Work task.
Return the following from the records below: each line, word for word, starting with the line that contains "Lemma mpow_axis_le (i" and going on through the line that contains "have [/existsP [j", with nothing outside that range.

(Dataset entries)

☆ ☆ ☆ ☆ ☆

Lemma sos_Omega1_notin_Delta (r : R) :
  ~~ in_Delta -> (forall i, 0 <= c i) -> r <= f0 -> is_sos (f - r%:MP).
Proof.
rewrite /in_Delta negb_or negb_exists -leNgt => /andP [F_ge0 /forallP al_even] c_ge0 r_le.
rewrite mpolyB_Omega1E /circuit; apply: sosD; first apply: sosD.
- exact: sos_sum_pure.
- by apply: sos_mpolyC; rewrite subr_ge0.
by rewrite -mul_mpolyC; apply: sos_mulC => //; apply: sos_mpolyX_even.
Qed.

Lemma sos_Omega1_circuit (r c0 : R) (a : 'I_n -> R) :
  (forall i, a i <= c i) -> c0 <= f0 - r -> is_sos (circuit d a c0 F al) ->
  is_sos (f - r%:MP).
Proof.
move=> a_le c0_le sos_circ.
have -> : f - r%:MP = circuit d (fun i => c i - a i) (f0 - r - c0) 0 al + circuit d a c0 F al.
  rewrite mpolyB_Omega1E /circuit scale0r addr0.
  under [\sum_(i < n) (_ - _) *: _]eq_bigr do rewrite scalerBl.
  by rewrite sumrB !mpolyCB; ring.
apply: sosD => //; rewrite /circuit scale0r addr0; apply: sosD.
  by apply: sos_sum_pure => i; rewrite subr_ge0.
by apply: sos_mpolyC; rewrite subr_ge0.
Qed.

Lemma gp_feasible_sos (r : R) : msize f = (2 * d).+1 ->
  gp_feasible f d r -> is_sos (f - r%:MP).
Proof.
move=> size_f [a [wa [deg_eq [coef_le const_le]]]].
rewrite /Delta_lt Delta_Omega1 in wa deg_eq coef_le const_le.
case: ifP => inD in wa deg_eq coef_le const_le; last first.
  apply: sos_Omega1_notin_Delta; first by rewrite inD.
    by move=> i; have := coef_le i; rewrite big_nil.
  by move: const_le; rewrite big_nil subr_ge0.
have {}wa : gp_weight (a al) al by move=> i; apply: wa; rewrite mem_head.
have {}coef_le i : a al i <= c i by have := coef_le i; rewrite big_seq1.
have m_gt0 : (0 < 2 * d)%N by rewrite muln_gt0.
have [deg_lt|deg_ge] := ltnP (mdeg al) (2 * d).
  move: const_le; rewrite /= deg_lt big_seq1 (gp_termE m_gt0 wa) => const_le.
  apply: (sos_Omega1_circuit coef_le const_le).
  by apply: sos_circuit => //; [rewrite subnKC // ltnW | exact: amgm_muK].
have deg_al : mdeg al = (2 * d)%N.
  by apply/eqP; rewrite eqn_leq deg_ge (Omega_mdeg_le Omega_al size_f).
move: const_le; rewrite /= deg_al ltnn big_nil => const_le.
apply: (sos_Omega1_circuit coef_le const_le).
rewrite -(mul0r (1 ^+ (2 * d))); apply: (sos_circuit (b := 0)); rewrite ?addn0 ?mulr1 //.
by apply: gp_weight_balance; rewrite ?deg_al //; apply: deg_eq; rewrite ?mem_head.
Qed.

End SingleOmegaSos.

Section SingleOmegaLowerBound.
Variables (R : realType) (n d : nat) (f : {mpoly R[n]}) (al : 'X_{1..n}) (r : R).
Hypotheses (d_gt0 : (0 < d)%N) (size_f : msize f = (2 * d).+1)
  (Omega_al : Omega f d = [:: al]) (f_ge : forall x, r <= f.@[x]).
Notation c := (fun i : 'I_n => f@_(pure_mnm d i)).
Notation F := (f@_al).
Notation f0 := (f@_0%MM).

Let m_gt0 : (0 < 2 * d)%N. Proof. by rewrite muln_gt0. Qed.

Let meval_f := meval_Omega1 d_gt0 Omega_al.

Lemma Omega1_const_ge : r <= f0.
Proof.
have [i al_gt0] := Omega_exists_pos Omega_al.
have := f_ge (fun _ => 0); rewrite meval_f (mpow_eq0 (i := i)) // mulr0 addr0.
by rewrite big1 ?addr0 // => j _; rewrite expr0n gtn_eqF // mulr0.
Qed.

Lemma mpow_axis_le (i : 'I_n) (t : R) : 1 <= t ->
  `|mpow (fun j => if j == i then t else 0) al| <= t ^+ (2 * d).-1.
Proof.
move=> t_ge1; have t_ge0 : 0 <= t by apply: le_trans t_ge1.
have [/existsP [j /andP [ji al_gt0]]|] := boolP [exists j, (j != i) && (0 < al j)%N].
  by rewrite (mpow_eq0 (i := j)) ?(negbTE ji) // normr0 exprn_ge0.
rewrite negb_exists => /forallP al_axis.
have al0 j : j != i -> al j = 0%N.
  by move=> ji; apply/eqP; have := al_axis j; rewrite ji /= -leqNgt leqn0.
have -> : mpow (fun j => if j == i then t else 0) al = t ^+ al i.
  by rewrite /mpow (bigD1 i) //= eqxx big1 ?mulr1 // => j ji; rewrite al0.
have deg_al : mdeg al = al i.
  by rewrite mdegE (bigD1 i) //= big1 ?addn0 // => j ji; rewrite al0.
have al_lt : (al i < 2 * d)%N.
  rewrite ltn_neqAle -deg_al (Omega_mdeg_le Omega_al size_f) andbT.
  apply: contra (Omega_neq_pure Omega_al i) => /eqP deg_eq; apply/eqP/mnmP => j.
  rewrite pure_mnmE; case: eqP => [<-|/eqP ji]; first by rewrite -deg_eq.
  by rewrite al0 // eq_sym.
by rewrite ger0_norm ?exprn_ge0 // ler_weXn2l // -ltnS prednK.
Qed.

(* Along the axis t e_i, f = f0 + c_i t^(2d) + O(t^(2d-1)). *)
Lemma Omega1_pure_coef_ge0 (i : 'I_n) : 0 <= c i.
Proof.
rewrite leNgt; apply/negP => ci_lt0.
set K := `|F| + `|f0 - r| + 1.
set t := Num.max 1 (K / - c i).
have t_ge1 : 1 <= t by rewrite le_max lexx.
have cK : K <= - c i * t.
  by rewrite mulrC -ler_pdivrMr ?oppr_gt0 // le_max lexx orbT.
have := f_ge (fun j => if j == i then t else 0); rewrite meval_f.
rewrite (bigD1 i) //= eqxx big1 ?addr0 => [|j /negbTE ->]; last first.
  by rewrite expr0n gtn_eqF // mulr0.
have := mpow_axis_le i t_ge1.
set u := t ^+ (2 * d).-1; set M := mpow _ al => M_le.
have u_ge1 : 1 <= u by apply: exprn_ege1.
have -> : t ^+ (2 * d) = t * u by rewrite /u -exprS prednK.
have FM : F * M <= `|F| * u.
  by apply: le_trans (ler_norm _) _; rewrite normrM ler_wpM2l.
have := ler_norm (f0 - r).
have : 0 <= (- c i * t - K) * u by rewrite mulr_ge0 ?subr_ge0 // (le_trans _ u_ge1).
have : 0 <= (`|f0 - r| + 1) * (u - 1) by rewrite mulr_ge0 ?subr_ge0 ?addr_ge0.
rewrite /K; nra.
Qed.

Section InDelta.
Variable s : 'I_n -> R.
Hypotheses (s_sqr : forall i, s i ^+ 2 = 1) (s_flip : F * mpow s al = - `|F|).

Let s_exp i : s i ^+ (2 * d) = 1.
Proof. by rewrite exprM s_sqr expr1n. Qed.

(* Along s_j t^[j = k], the monomial F X^al decreases like -|F| t^(al_k). *)
Lemma Omega1_pure_coef_gt0 (k : 'I_n) : (0 < al k)%N -> 0 < c k.
Proof.
move=> al_gt0; rewrite lt_def Omega1_pure_coef_ge0 andbT; apply/negP => /eqP ck0.
set C := \sum_(j < n) `|c j|.
set t := Num.max 1 ((f0 + C - r + 1) / `|F|).
have t_ge1 : 1 <= t by rewrite le_max lexx.
have F_gt0 := normF_gt0 Omega_al.
have Ft : f0 + C - r + 1 <= `|F| * t.
  by rewrite mulrC -ler_pdivrMr // le_max lexx orbT.
set y := fun j : 'I_n => if j == k then t else 1.
have := f_ge (fun j => s j * y j); rewrite meval_f.
have sum_le : \sum_(j < n) c j * (s j * y j) ^+ (2 * d) <= C.
  apply: ler_sum => j _; rewrite exprMn s_exp mul1r /y.
  by case: eqP => [->|_]; rewrite ?ck0 ?mul0r ?expr1n ?mulr1 ?normr_ge0 ?ler_norm.
have -> : F * mpow (fun j => s j * y j) al = - `|F| * t ^+ al k.
  rewrite mpowM mulrA s_flip; congr (_ * _).
  by rewrite /mpow (bigD1 k) //= /y eqxx big1 ?mulr1 // => j /negbTE ->; rewrite expr1n.
have : 0 <= `|F| * (t ^+ al k - t) by rewrite mulr_ge0 // subr_ge0 ler_eXnr.
nra.
Qed.

Definition supp_coef (i : 'I_n) : R := if (0 < al i)%N then c i else 0.

Lemma gp_weight_supp_coef : gp_weight supp_coef al.
Proof.
move=> i; rewrite /supp_coef; have [al0|al_gt0] := posnP (al i); first by rewrite al0.
have ci_gt0 := Omega1_pure_coef_gt0 al_gt0.
split; [exact: ltW | split=> [ci0|al0]]; last by rewrite al0 in al_gt0.
by rewrite ci0 ltxx in ci_gt0.
Qed.

Let lam := amgm_lam (2 * d) supp_coef al.

(* The point at which every term of the AM-GM for the circuit equals nu^(2d). *)
Definition circuit_point (nu : R) (i : 'I_n) : R :=
  if (0 < al i)%N then s i * (nu / lam i) else 0.

Lemma meval_circuit_point (nu : R) :
  f.@[circuit_point nu]
  = f0 + (mdeg al)%:R * nu ^+ (2 * d) - `|F| * nu ^+ mdeg al / mpow lam al.
Proof.
have wa := gp_weight_supp_coef.
rewrite meval_f; congr (_ + _ + _).
  rewrite mdegE natr_sum mulr_suml; apply: eq_bigr => i _.
  rewrite /circuit_point; have [al0|al_gt0] := posnP (al i).
    by rewrite al0 /= expr0n gtn_eqF // mulr0 mul0r.
  have lam_neq0 : lam i ^+ (2 * d) != 0.
    by rewrite expf_neq0 // gt_eqF // nroot_gt0 // divr_gt0 ?ltr0n ?(gp_weight_gt0 wa).
  rewrite exprMn s_exp mul1r expr_div_n.
  have <- : supp_coef i = c i by rewrite /supp_coef al_gt0.
  by rewrite -(amgm_lamK m_gt0 wa) -/lam; field.
have -> : mpow (circuit_point nu) al = mpow (fun i => s i * (nu * (lam i)^-1)) al.
  rewrite /mpow; apply: eq_bigr => i _; rewrite /circuit_point.
  by have [->|_] := posnP (al i); rewrite ?expr0.
by rewrite mpowM mulrA s_flip mpowM mpow_cst mpowV mulNr mulrA.
Qed.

☆ ☆ ☆ ☆ ☆

Exercise response.
Lemma mpow_axis_le (i : 'I_n) (t : R) : 1 <= t ->
  `|mpow (fun j => if j == i then t else 0) al| <= t ^+ (2 * d).-1.
Proof.
move=> t_ge1; have t_ge0 : 0 <= t by apply: le_trans t_ge1.
have [/existsP [j /andP [ji al_gt0]]|] := boolP [exists j, (j != i) && (0 < al j)%N].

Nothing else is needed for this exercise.